A vida humana é muito mais complexa do que a de outras espécies porque somos seres sociais com linguagem e pensamento abstrato. A maioria de
animais já são idosos ou já morreram quando um ser humano só está iniciando a
puberdade. Só atingimos a idade reprodutiva aos 14, aproximadamente e, para
além disso, a ciência entende a adolescência humana como uma fase a cada vez
mais longa, que irá se prolongar mais na medida que a nossa cultura fique mais
complexa e o caminho para a independência fique mais longo.
A aprendizagem é um processo muito complexo, por sua vez,
que depende de muitos fatores, quanto do tipo de habilidade ou conceito a ser
aprendido.

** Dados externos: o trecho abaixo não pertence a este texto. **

Lemma local_interpolation t c :
  t \in F' -> t c = c ->
  exists fa : 'I_d -> {perm 'I_d}, [/\ forall x, fa x \in F, forall x, fa x x = t x & fa c = 1%g].
Proof.
move=> tF' tc.
exists (fun x => if x == c then 1%g else odflt 1%g [pick g in F | g x == t x]).
split=> [x | x | ]; last by rewrite eqxx.
- by case: eqP => _; [exact: group1 | case: pickP => [g /andP []|] //=; rewrite group1].
- case: eqVneq => [-> | _]; first by rewrite perm1 tc.
  case: pickP => [g /andP [_ /eqP] // | none].
  by have /orbitP [g gF gx] := F'_orbits x tF'; move: (none g); rewrite gF -gx eqxx.
Qed.

End LocalActions.

Lemma ICC_in_K_from_vroot (d : nat) (F F' : {set {perm 'I_d}}) (v0 : vertex d) :
  ICC (in_K F F' (vroot d)) -> ICC (in_K F F' v0).
Proof.
apply: (ICC_transport (rtransK v0) (rtransKV v0)) => g Kg.
  by have := in_K_rconj v0 Kg; rewrite rtrans_root.
by have := in_K_rconj (vinv v0) Kg; rewrite /rconj vinvK rtrans_vinv.
Qed.

Section ICCAtRoot.
Variables (d : nat) (F F' : {set {perm 'I_d}}) (c m : 'I_d) (t : {perm 'I_d}).
Variable fa : 'I_d -> {perm 'I_d}.
Hypotheses (d_gt2 : 2 < d) (sFF' : F \subset F') (tF' : t \in F') (tc : t c = c).
Hypotheses (tm : t m != m) (faF : forall x, fa x \in F).
Hypotheses (fa_diag : forall x, fa x x = t x) (fa_c : fa c = 1%g).

Lemma ICC_in_K_vroot : ICC (in_K F F' (vroot d)).
Proof.
move=> k [[[k_bij k_adj] _ _] k_root] k_moved.
have k_inj := bij_inj k_bij.
have k_adj' u w : adj u w -> adj (k u) (k w) by move/k_adj.
have [w [kw w_min]] := exists_minimal_moved k_moved.
have [a [b [p [Ew Ekw ba p_fixed]]]] := minimal_moved_sibling k_inj k_adj' k_root kw w_min.
have [e ec ea] : exists2 e, e != c & e != a by apply: exists_third; rewrite card_ord.
have mc : m != c by apply: contraNneq tm => ->; rewrite tc.
have reduced_u n : reduced (alt c e n.+1 ++ a :: p).
  by apply: reduced_alt_cat => //; [rewrite eq_sym | rewrite -Ew; apply: valP].
pose u n : vertex d := exist _ (alt c e n.+1 ++ a :: p) (reduced_u n).
have reduced_v n : reduced (m :: val (u n)) by rewrite /= {1}/neqr mc; apply: reduced_u.
pose v n : vertex d := exist _ (m :: val (u n)) (reduced_v n).
apply: (conj_class_infinite (h := fun n => twist_at c fa (u n))
  (hi := fun n => rconj (u n) (twist_inv c t fa)) (v := v)) => // [n | n | n | n | n N lt_nN | n N].
- exact: (twist_at_in_K fa_diag fa_c faF tF' sFF').
- exact/rconj_can/(twistK _ fa_diag).
- exact/rconj_can/(twistKV _ fa_diag).
- exact: (twist_at_moves fa_diag tm).
- apply: twist_at_outside => //; apply/negP => /size_suffix.
  by rewrite /= !size_cat !size_alt /=; lia.
- apply: twist_at_outside => //.
  have w_vn : suffix (val w) (val (v n)).
    by apply/suffixP; exists (m :: alt c e n.+1); rewrite Ew.
  have /suffixP [z ->] := moved_subtree k_inj k_adj' Ew Ekw p_fixed w_vn.
  change (~~ suffix (alt c e N.+1 ++ a :: p) (z ++ b :: p)).
  by rewrite -!cat_rcons suffix_catl // eqxx suffix_rcons eq_sym (negbTE ba).
Qed.

End ICCAtRoot.

Theorem proposition3 (d : nat) (F F' : {group {perm 'I_d}}) (v0 : vertex d) :
  (3 <= d)%N ->
  F \proper F' ->
  (forall (f : {perm 'I_d}) (x : 'I_d), f \in F' -> f x \in orbit 'P F x) ->
  ICC (in_K F F' v0).
Proof.
move=> d_gt2 FF' F'_orbits; apply: ICC_in_K_from_vroot.
have d_gt0 : 0 < d by apply: leq_trans d_gt2.
have [t [m [tF' tc tm]]] := proper_stabilizer_nontrivial F'_orbits (Ordinal d_gt0) FF'.
have [fa [faF fa_diag fa_c]] := local_interpolation F'_orbits tF' tc.
exact: (ICC_in_K_vroot d_gt2 (proper_sub FF') tF' tc tm faF fa_diag fa_c).
Qed.
Tactic Notation "linear_combination" constr(k) constr(H) :=
  apply (eq_lincomb1 _ _ _ _ k H); linear_identity.
Tactic Notation "linear_combination" constr(k1) constr(H1) constr(k2) constr(H2) :=
  apply (eq_lincomb2 _ _ _ _ _ _ k1 k2 H1 H2); linear_identity.

Fixpoint padd (u v : list R) : list R :=
  match u, v with
  | [], v => v
  | u, [] => u
  | a :: u', b :: v' => (a + b) :: padd u' v'
  end.

Definition pscale (r : R) (u : list R) : list R := map (Rmult r) u.

Fixpoint pmul (u v : list R) : list R :=
  match u with
  | [] => []
  | a :: u' => padd (pscale a v) (0 :: pmul u' v)
  end.

Definition cubic : list R := [0; 3/2; 0; -1/2].

Ltac coef_eq := let i := fresh "i" in
  intro i; do 7 (destruct i as [|i]; [cbn; lra|]); cbn; reflexivity.

Section CornerPolynomials.
Context {A : CstarAlg}.
Variables p g : A.
Hypothesis pp : p ⊗ p = p.
Hypothesis pg : p ⊗ g = g.
Hypothesis gp : g ⊗ p = g.

(* Coefficient lists are evaluated at [g] in the corner algebra, whose unit is [p]. *)
Fixpoint peval (cs : list R) : A :=
  match cs with
  | [] => c0
  | c :: cs' => c ⋅ p ⊕ g ⊗ peval cs'
  end.

Lemma cmul_p_peval cs : p ⊗ peval cs = peval cs.
Proof.
  induction cs; simpl; [apply cmul0r|].
  rewrite cmul_addr, cmul_scalr, pp, cmul_assoc, pg. reflexivity.
Qed.

Lemma commute_peval_g cs : peval cs ⊗ g = g ⊗ peval cs.
Proof.
  induction cs as [|c cs IH]; simpl; [rewrite cmul0r; apply cmul0l|].
  rewrite cmul_addl, cmul_addr, cmul_scall, cmul_scalr, gp, pg, <- cmul_assoc, IH,
    cmul_assoc. reflexivity.
Qed.

Lemma peval_padd u v : peval (padd u v) = peval u ⊕ peval v.
Proof.
  revert v; induction u as [|a u IH]; intros [|b v]; simpl; try (symmetry; apply cadd_0);
    [symmetry; apply cadd0r|].
  rewrite IH, cmul_addr, scaleDl. linear_identity.
Qed.

Lemma peval_pscale r u : peval (pscale r u) = r ⋅ peval u.
Proof.
  induction u as [|a u IH]; simpl; [symmetry; apply scaler0|].
  fold (pscale r u). rewrite IH, cscal_addr, scaleA, cmul_scalr. reflexivity.
Qed.

Lemma peval_pmul u v : peval (pmul u v) = peval u ⊗ peval v.
Proof.
  induction u as [|a u IH]; simpl; [symmetry; apply cmul0l|].
  rewrite peval_padd, peval_pscale. simpl.
  rewrite IH, scale0, cadd_0, cmul_addl, cmul_scall, cmul_p_peval, cmul_assoc. reflexivity.
Qed.

Lemma peval_eq0 v : (forall i, nth i v 0 = 0) -> peval v = c0.
Proof.
  induction v as [|b v IH]; intros H; simpl; [reflexivity|].
  rewrite IH by exact (fun i => H (S i)). specialize (H 0%nat). simpl in H.
  rewrite H, scale0, cmul0r. apply cadd_0.
Qed.

Lemma peval_ext u v : (forall i, nth i u 0 = nth i v 0) -> peval u = peval v.
Proof.
  revert v; induction u as [|a u IH]; intros [|b v] H.
  - reflexivity.
  - symmetry. apply peval_eq0. intro i. rewrite <- H. destruct i; reflexivity.
  - apply peval_eq0. intro i. rewrite H. destruct i; reflexivity.
  - simpl. rewrite (IH v (fun i => H (S i))). specialize (H 0%nat). simpl in H.
    rewrite H. reflexivity.
Qed.

Lemma peval_selfadjoint : p^* = p -> g^* = g -> forall cs, (peval cs)^* = peval cs.
Proof.
  intros Hp Hg cs; induction cs as [|c cs IH]; simpl; [apply cstar0|].
  rewrite cstar_add, cstar_scale, Hp, cstar_mul, IH, Hg, commute_peval_g. reflexivity.
Qed.

Lemma cmul_peval_p cs : peval cs ⊗ p = peval cs.
Proof.
  induction cs as [|c cs IH]; simpl; [apply cmul0l|].
  rewrite cmul_addl, cmul_scall, pp, <- cmul_assoc, IH. reflexivity.
Qed.

Lemma peval_linear a b : peval [a; b] = a ⋅ p ⊕ b ⋅ g.
Proof. simpl. rewrite cmul0r, cadd0r, cmul_scalr, gp. reflexivity. Qed.

Lemma peval_one : peval [1] = p.
Proof. simpl. rewrite cmul0r, cadd0r. apply scale1. Qed.

Lemma peval_X : peval [0; 1] = g.
Proof. rewrite peval_linear, scale0, scale1. apply cadd_0. Qed.

Lemma peval_add_X : peval [1; 1] = p ⊕ g.
Proof. rewrite peval_linear, !scale1. reflexivity. Qed.

Lemma peval_sub_X : peval [1; -1] = p ⊖ g.
Proof. rewrite peval_linear, scale1. reflexivity. Qed.

Ltac peval_identity :=
  rewrite <- ?peval_add_X, <- ?peval_sub_X, <- ?peval_X, <- ?peval_one;
  repeat (rewrite <- peval_pmul || rewrite <- peval_pscale || rewrite <- peval_padd);
  apply peval_ext; coef_eq.

Lemma peval_cubic : peval cubic = (3/2) ⋅ g ⊕ (-1/2) ⋅ (g ⊗ g ⊗ g).
Proof. peval_identity. Qed.

(* [p ± peval cubic] are convex combinations of products of [p + g] and [p - g],
   hence contractions when these are. *)
Lemma add_peval_cubic : p ⊕ peval cubic =
  (1/4) ⋅ ((p ⊕ g) ⊗ (p ⊕ g) ⊗ (p ⊕ g)) ⊕ (3/4) ⋅ ((p ⊕ g) ⊗ (p ⊕ g) ⊗ (p ⊖ g)).
Proof. peval_identity. Qed.

Lemma sub_peval_cubic : p ⊖ peval cubic =
  (1/4) ⋅ ((p ⊖ g) ⊗ (p ⊖ g) ⊗ (p ⊖ g)) ⊕ (3/4) ⋅ ((p ⊖ g) ⊗ (p ⊖ g) ⊗ (p ⊕ g)).
Proof. peval_identity. Qed.

Lemma add_3_sq : p ⊕ 3 ⋅ (g ⊗ g) =
  (1/2) ⋅ ((1/2) ⋅ ((p ⊕ g) ⊗ (p ⊕ g) ⊗ (p ⊕ g) ⊗ (p ⊕ g)) ⊕
           (1/2) ⋅ ((p ⊕ g) ⊗ (p ⊕ g) ⊗ (p ⊕ g) ⊗ (p ⊖ g))) ⊕
  (1/2) ⋅ ((1/2) ⋅ ((p ⊕ g) ⊗ (p ⊖ g) ⊗ (p ⊖ g) ⊗ (p ⊖ g)) ⊕
           (1/2) ⋅ ((p ⊖ g) ⊗ (p ⊖ g) ⊗ (p ⊖ g) ⊗ (p ⊖ g))).
Proof. peval_identity. Qed.

End CornerPolynomials.

(** * Projections summing to one are orthogonal *)

Section CornerContractions.
Context {A : CstarAlg}.
Implicit Types (p q g h x y : A).

Definition pm_contraction p g : Prop :=
  g^* = g /\ p ⊗ g = g /\ g ⊗ p = g /\ norm (p ⊕ g) <= 1 /\ norm (p ⊖ g) <= 1.

Lemma norm_convex_le1 a b x y : 0 <= a -> 0 <= b -> a + b = 1 ->
  norm x <= 1 -> norm y <= 1 -> norm (a ⋅ x ⊕ b ⋅ y) <= 1.
Proof.
  intros Ha Hb Hab Hx Hy. eapply Rle_trans; [apply cnorm_triangle|].
  rewrite !norm_scale, !Rabs_pos_eq by assumption. nra.
Qed.

Lemma pm_contraction_cubic p g : projection p -> pm_contraction p g ->
  pm_contraction p (peval p g cubic).
Proof.
  intros [Hps Hpp] (Hgs & Hpg & Hgp & Hadd & Hsub).
  repeat split.
  - apply peval_selfadjoint; assumption.
  - apply cmul_p_peval; assumption.
  - apply cmul_peval_p; assumption.
  - rewrite add_peval_cubic by assumption.
    apply norm_convex_le1; try lra; repeat apply norm_mul_le1; assumption.
  - rewrite sub_peval_cubic by assumption.
    apply norm_convex_le1; try lra; repeat apply norm_mul_le1; assumption.
Qed.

Ela depende da instrução, da prática, da modelagem, do jogo, do
erro, da correção, e da sofisticação ao longo do tempo. Para aprenderem a serem adultas, que podem responder às demandas do ambiente social e cultural humano, as mulheres também precisam de muito tempo. Poderiamos pensar, de vários pontos de vista, por que muitas mulheres que só aprenderam a cuidar, não estão suficientemente preparadas para serem adultas, e por que muitos homens que não aprederam a fazê-lo, não estão. A discussão é interessante.